Masala Oats Khichdi – Healthy, Tasty & Quick One-Pot Meal

 Masala Oats Khichdi – Healthy, Tasty & Quick One-Pot Meal

Meta Description: Masala Oats Khichdi is a delicious and healthy one-pot Indian meal made with oats, vegetables, and spices. Perfect for weight loss, diabetic-friendly, and ideal for breakfast, lunch, or dinner.


📝 Introduction

If you’re looking for a light yet filling dish that’s quick, easy, and super healthy – then Masala Oats Khichdi is your answer! This recipe is a modern twist on traditional khichdi, made with rolled oats instead of rice, making it a high-fiber, low-GI meal.

Packed with vegetables and aromatic Indian spices, it's perfect for people managing weight, diabetes, or simply wanting a clean, nourishing diet.


🛒 Ingredients

For the Khichdi:

  • 1 cup rolled oats

  • 1/2 cup moong dal (yellow split gram), washed

  • 1 onion, finely chopped

  • 1 tomato, chopped

  • 1 carrot, chopped

  • 1/4 cup peas

  • 1/2 tsp mustard seeds

  • 1/2 tsp cumin seeds

  • 1 tsp ginger-garlic paste

  • 1 green chili, chopped (optional)

  • 1/4 tsp turmeric powder

  • 1/2 tsp red chili powder

  • 1/2 tsp coriander powder

  • Salt to taste

  • 1.5–2 cups water (adjust consistency)

  • 1 tbsp oil or ghee

  • Fresh coriander for garnish

  • Lemon wedge (for serving)


👨‍🍳 Step-by-Step Instructions

Step 1: Roast the Oats (Optional but recommended)

  1. Dry roast rolled oats in a pan for 2–3 minutes until light golden and aromatic. Keep aside.

Step 2: Cook the Masala Base

  1. Heat oil/ghee in a pressure cooker or pan.

  2. Add mustard seeds, let them crackle. Add cumin seeds.

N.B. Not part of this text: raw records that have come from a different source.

(* Assume $\mathrm{char}(\mathbb{F})=p>0$, let $0\neq h\in\mathbb{F}[x]$, and regard $A_h\subseteq A_1$ via $x\mapsto x$, $\hat y\mapsto yh$. Then $A_h$ is a free module over its center $Z(A_h)=\mathbb{F}[x^p,h^py^p]$, with basis $\{x^ih^jy^j: 0\le i,j<p\}$.
   Context: For $h\in\mathbb{F}[x]$, $A_h$ is the unital associative $\mathbb{F}$-algebra generated by $x,\hat y$ with defining relation $\hat yx-x\hat y=h$. $A_1$ is the Weyl algebra, generated by $x,y$ with $yx-xy=1$; for $h\ne0$, $x\mapsto x,\ \hat y\mapsto yh$ embeds $A_h$ into $A_1$, and for each $j\ge0$ the element $h^jy^j\in A_1$ lies in $A_h$. *)

From HB Require Import structures.
From mathcomp Require Import all_boot all_order all_algebra.
Set Implicit Arguments. Unset Strict Implicit. Unset Printing Implicit Defensive.
Import GRing.Theory.
Local Open Scope ring_scope.

(* Concrete model of the Weyl algebra A_1 = F<x,y>/(yx - xy - 1).
   An element is stored in normal form  sum_j f_j(x) y^j  (x's to the left),
   as a polynomial in y (outer variable) with coefficients f_j in F[x]:
   the j-th coefficient of  a : {poly {poly F}}  is f_j. *)
Definition weyl (F : fieldType) := {poly {poly F}}.

(* Product of normal forms, using  y^i g = sum_k C(i,k) g^(k) y^(i-k):
   (f y^i)(g y^j) = sum_k C(i,k) f g^(k) y^(i-k+j). *)
Definition wmul (F : fieldType) (a b : {poly {poly F}}) : {poly {poly F}} :=
  \sum_(i < size a) \sum_(j < size b) \sum_(k < i.+1)
     ((a`_i * (b`_j)^`(k)) *+ 'C(i, k))%:P * 'X^(i - k + j).

Definition wx (F : fieldType) : {poly {poly F}} := ('X : {poly F})%:P.
Definition wy (F : fieldType) : {poly {poly F}} := 'X.
Definition wpoly (F : fieldType) (f : {poly F}) : {poly {poly F}} := f%:P.

Inductive in_Ah (F : fieldType) (h : {poly F}) : {poly {poly F}} -> Prop :=
| Ah_scal (c : F) : in_Ah h (c%:P%:P)
| Ah_x : in_Ah h (wx F)
| Ah_yhat : in_Ah h (wmul (wy F) (wpoly h))
| Ah_add a b : in_Ah h a -> in_Ah h b -> in_Ah h (a + b)
| Ah_mul a b : in_Ah h a -> in_Ah h b -> in_Ah h (wmul a b).

Definition in_center (F : fieldType) (h : {poly F}) (z : {poly {poly F}}) : Prop :=
  in_Ah h z /\ forall a, in_Ah h a -> wmul z a = wmul a z.

Inductive in_Zgen (F : fieldType) (h : {poly F}) (p : nat) : {poly {poly F}} -> Prop :=
| Zg_scal (c : F) : in_Zgen h p (c%:P%:P)
| Zg_xp : in_Zgen h p (wpoly ('X ^+ p))
| Zg_hyp : in_Zgen h p (wpoly (h ^+ p) * 'X^p)
| Zg_add a b : in_Zgen h p a -> in_Zgen h p b -> in_Zgen h p (a + b)
| Zg_mul a b : in_Zgen h p a -> in_Zgen h p b -> in_Zgen h p (wmul a b).

(* The basis element x^i h^j y^j of A_1 (already in normal form) *)
Definition wbasis (F : fieldType) (h : {poly F}) (i j : nat) : {poly {poly F}} :=
  wpoly ('X ^+ i * h ^+ j) * 'X^j.

From HB Require Import structures.
From mathcomp Require Import all_boot all_order all_algebra.
From mathcomp Require Import ring zify.
Import GRing.Theory.
Local Open Scope ring_scope.

Section PSparse.
Context {R : comNzRingType} (p : nat).

Definition p_sparse (q : {poly R}) := forall m, ~~ (p %| m)%N -> q`_m = 0.

Lemma poly_expand {a : {poly R}} {n : nat} : (size a <= n)%N ->
  a = \sum_(i < n) (a`_i)%:P * 'X^i.
Proof.
move=> sa; under eq_bigr => i _ do rewrite mul_polyC.
rewrite -poly_def; apply/polyP => k; rewrite coef_poly.
by case: ltnP => // /(leq_trans sa) /leq_sizeP ->.
Qed.

Lemma mul_poly_expand {a b : {poly R}} {n m : nat} :
  (size a <= n)%N -> (size b <= m)%N ->
  a * b = \sum_(i < n) \sum_(j < m) (a`_i * b`_j)%:P * 'X^(i + j).
Proof.
move=> sa sb; rewrite {1}(poly_expand sa) {1}(poly_expand sb) mulr_suml.
apply: eq_bigr => i _; rewrite mulr_sumr; apply: eq_bigr => j _.
by rewrite polyCM exprD; ring.
Qed.

Hypothesis p_gt0 : (0 < p)%N.

Lemma coef_psplit (Q : 'I_p -> {poly R}) n : (forall j, p_sparse (Q j)) ->
  (\sum_(j < p) 'X^j * Q j)`_n = (Q (Ordinal (ltn_pmod n p_gt0)))`_(n %/ p * p).
Proof.
move=> sQ; rewrite coef_sum (bigD1 (Ordinal (ltn_pmod n p_gt0))) //= big1 ?addr0.
  rewrite coefXnM ltnNge leq_mod /=; congr (_`_ _).
  by rewrite {1}(divn_eq n p) addnK.
move=> j /eqP nj; rewrite coefXnM; case: ltnP => // jn.
apply: sQ; apply/negP => pd; apply: nj; apply: val_inj => /=.
by move: pd; rewrite -eqn_mod_dvd // => /eqP ->; rewrite modn_small.
Qed.

Lemma psplit_uniq (Q : 'I_p -> {poly R}) : (forall j, p_sparse (Q j)) ->
  \sum_(j < p) 'X^j * Q j = 0 -> forall j, Q j = 0.
Proof.
move=> sQ Q0 j; apply/polyP => m; rewrite coef0.
case pm: (p %| m)%N; last by apply: sQ; rewrite pm.
have := congr1 (fun q : {poly R} => q`_(m + j)) Q0.
rewrite coef0 coef_psplit //.
have -> : ((m + j) %/ p * p)%N = m.
  by rewrite divnDl // (divn_small (ltn_ord j)) addn0 divnK.
suff -> : Ordinal (ltn_pmod (m + j) p_gt0) = j by [].
by apply: val_inj => /=; rewrite -(divnK pm) modnMDl modn_small.
Qed.

Definition psection (i : nat) (q : {poly R}) :=
  \poly_(m < size q) (if (p %| m)%N then q`_(m + i) else 0).

Lemma psection_sparse i q : p_sparse (psection i q).
Proof. by move=> m /negbTE pm; rewrite coef_poly pm; case: ifP. Qed.

Lemma psplit q : q = \sum_(i < p) 'X^i * psection i q.
Proof.
apply/polyP => n; rewrite coef_psplit; last by move=> j; apply: psection_sparse.
rewrite coef_poly /= dvdn_mull // -divn_eq.
by case: ltnP => // lt_sz; apply/leq_sizeP: (leq_trans lt_sz (leq_divM n p)).
Qed.

End PSparse.
Arguments coef_psplit {R p} p_gt0 Q n.
Arguments psplit_uniq {R p} p_gt0 Q.
Arguments psplit {R p} p_gt0 q.
Arguments psection_sparse {R p} i q.

Lemma mulrn_pchar_dvd {R : nzRingType} {p : nat} (charRp : p \in [pchar R])
  {x : R} {n : nat} : (p %| n)%N -> x *+ n = 0.
Proof.
move=> pn; rewrite -mulr_natr.
have /eqP n0 : n%:R == 0 :> R by rewrite -(dvdn_pcharf charRp).
by rewrite n0 mulr0.
Qed.

Lemma mulrn_pchar_reg {R : idomainType} {p : nat} (charRp : p \in [pchar R])
  {x : R} {n : nat} : ~~ (p %| n)%N -> x *+ n = 0 -> x = 0.
Proof.
move=> pn; rewrite -mulr_natr => /eqP; rewrite mulf_eq0.
by rewrite -(dvdn_pcharf charRp) (negbTE pn) orbF => /eqP.
Qed.

Lemma deriv0_sparse {R : idomainType} {p : nat} (charRp : p \in [pchar R])
  {q : {poly R}} : q^`() = 0 -> p_sparse p q.
Proof.
move=> dq [|m] pm; first by rewrite dvdn0 in pm.
have := congr1 (fun r : {poly R} => r`_m) dq; rewrite coef_deriv coef0.
exact: (mulrn_pchar_reg charRp pm).
Qed.

Section WeylProduct.
Context {F : fieldType}.

Definition wterm (a b : {poly {poly F}}) (i j k : nat) : {poly {poly F}} :=
  ((a`_i * (b`_j)^`(k)) *+ 'C(i, k))%:P * 'X^(i - k + j).

Lemma wmulE {a b : {poly {poly F}}} {n m : nat} :
  (size a <= n)%N -> (size b <= m)%N ->
  wmul a b = \sum_(i < n) \sum_(j < m) \sum_(k < i.+1) wterm a b i j k.
Proof.
move=> sa sb; rewrite /wmul -/(wterm a b).
rewrite (big_ord_widen _ (fun i => \sum_(j < size b) \sum_(k < i.+1) wterm a b i j k) sa).
rewrite big_mkcond /=; apply: eq_bigr => i _; case: ltnP => ia; last first.
  rewrite big1 // => j _; rewrite big1 // => k _.
  by rewrite /wterm (nth_default _ ia) mul0r mul0rn polyC0 mul0r.
rewrite (big_ord_widen _ (fun j => \sum_(k < i.+1) wterm a b i j k) sb) big_mkcond /=.
apply: eq_bigr => j _; case: ltnP => jb //; rewrite big1 // => k _.
by rewrite /wterm (nth_default _ jb) derivn_poly0 ?size_poly0 // mulr0 mul0rn polyC0 mul0r.
Qed.

Lemma wmul_commutative_terms (a b : {poly {poly F}}) :
  (forall i j k, (0 < k)%N -> wterm a b i j k = 0) -> wmul a b = a * b.
Proof.
move=> wt0; rewrite (wmulE (leqnn _) (leqnn _)).
rewrite (mul_poly_expand (leqnn _) (leqnn _)).
apply: eq_bigr => i _; apply: eq_bigr => j _.
rewrite big_ord_recl big1 => [|k _]; last exact: wt0.
by rewrite /wterm subn0 derivn0 bin0 mulr1n addr0.
Qed.

Lemma wmul_polyCl (f : {poly F}) (b : {poly {poly F}}) : wmul f%:P b = f%:P * b.
Proof.
apply: wmul_commutative_terms => -[|i] j k k_gt0; rewrite /wterm coefC /=.
  by rewrite bin0n eqn0Ngt k_gt0 mulr0n polyC0 mul0r.
by rewrite mul0r mul0rn polyC0 mul0r.
Qed.

(* z x = x z + dz/dy: commuting x past y^i produces i y^(i-1). *)
Lemma wmul_wxr (z : {poly {poly F}}) : wmul z (wx F) = z * wx F + z^`().
Proof.
rewrite (@wmulE z (wx F) (size z) 1 (leqnn _)) ?size_polyC_leq1 //.
have inner i : \sum_(j < 1) \sum_(k < i.+1) wterm z (wx F) i j k
   = (z`_i * 'X)%:P * 'X^i + (z`_i *+ i)%:P * 'X^(i.-1).
  case: i => [|i]; rewrite big_ord1.
    by rewrite big_ord1 /wterm /wx coefC /= bin0 mulr1n mulr0n polyC0 mul0r addr0.
  rewrite !big_ord_recl big1 ?addr0 => [|k _].
    by rewrite /wterm /wx coefC /= derivX bin0 bin1 mulr1n mulr1 subn0 !addn0 subSS subn0.
  rewrite /wterm /wx !lift0 coefC /= -!derivnS derivn_poly0 ?size_polyX //.
  by rewrite mulr0 mul0rn polyC0 mul0r.
under eq_bigr => i _ do rewrite inner.
rewrite big_split /=; congr (_ + _).
  rewrite (mul_poly_expand (leqnn _) (size_polyC_leq1 _)); apply: eq_bigr => i _.
  by rewrite big_ord1 addn0 /wx coefC.
have sd : (size z^`() <= size z)%N.
  by case: (eqVneq z 0) => [->|/lt_size_deriv/ltnW //]; rewrite deriv0.
rewrite (poly_expand sd); case E: (size z) => [|s]; first by rewrite !big_ord0.
rewrite big_ord_recl big_ord_recr /= mulr0n polyC0 mul0r add0r coef_deriv.
rewrite (nth_default _ (_ : (size z <= s.+1)%N)) ?E // mul0rn polyC0 mul0r addr0.
by apply: eq_bigr => i _; rewrite coef_deriv.
Qed.

Lemma wyhatE (h : {poly F}) : wmul (wy F) (wpoly h) = h%:P * 'X + (h^`())%:P.
Proof.
rewrite (@wmulE _ _ 2 1) ?size_polyX ?size_polyC_leq1 //.
rewrite !big_ord_recl !big_ord0 /= /wterm /wy /wpoly !coefX !coefC /=.
rewrite mul0r mul0rn polyC0 mul0r !addr0 add0r !mul1r /bump /=.
by rewrite bin0 binn !mulr1n expr0 mulr1 expr1.
Qed.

  3. Add chopped onions and sauté until translucent.

  4. Add ginger-garlic paste and green chili. Sauté for 30 seconds.

  5. Add tomatoes and cook until soft.

  6. Add turmeric, chili powder, coriander powder, and salt.

Step 3: Add Dal & Veggies

  1. Add moong dal, carrot, peas (or any veggies of your choice).

  2. Mix well and add 2 cups water.

Step 4: Pressure Cook

  1. Pressure cook for 2 whistles (or simmer in a pan for 20–25 minutes till dal is soft).

  2. Open the lid, add roasted oats and mix.

Step 5: Final Simmer

  1. Let it simmer on low flame for 5–6 minutes until oats soften and everything blends well.

  2. Adjust water if needed for desired khichdi-like consistency.


🌟 Tips & Variations

  • Use steel-cut oats for even more fiber (increase cook time slightly).

  • Add spinach, beans, or zucchini for extra veggies.

  • For a spicier kick, add a spoon of green chutney while serving.

  • Add a dollop of ghee on top before serving – totally optional but adds flavor.


❓ FAQs

Q: Is Masala Oats Khichdi good for weight loss?

A: Yes, it’s high in fiber, low in calories, and keeps you full longer.

Q: Can I eat this daily?

A: Absolutely. It’s gentle on the stomach and full of nutrition.

Q: Can I skip moong dal?

A: You can, but dal adds protein and texture. Try with masoor dal or even lentils.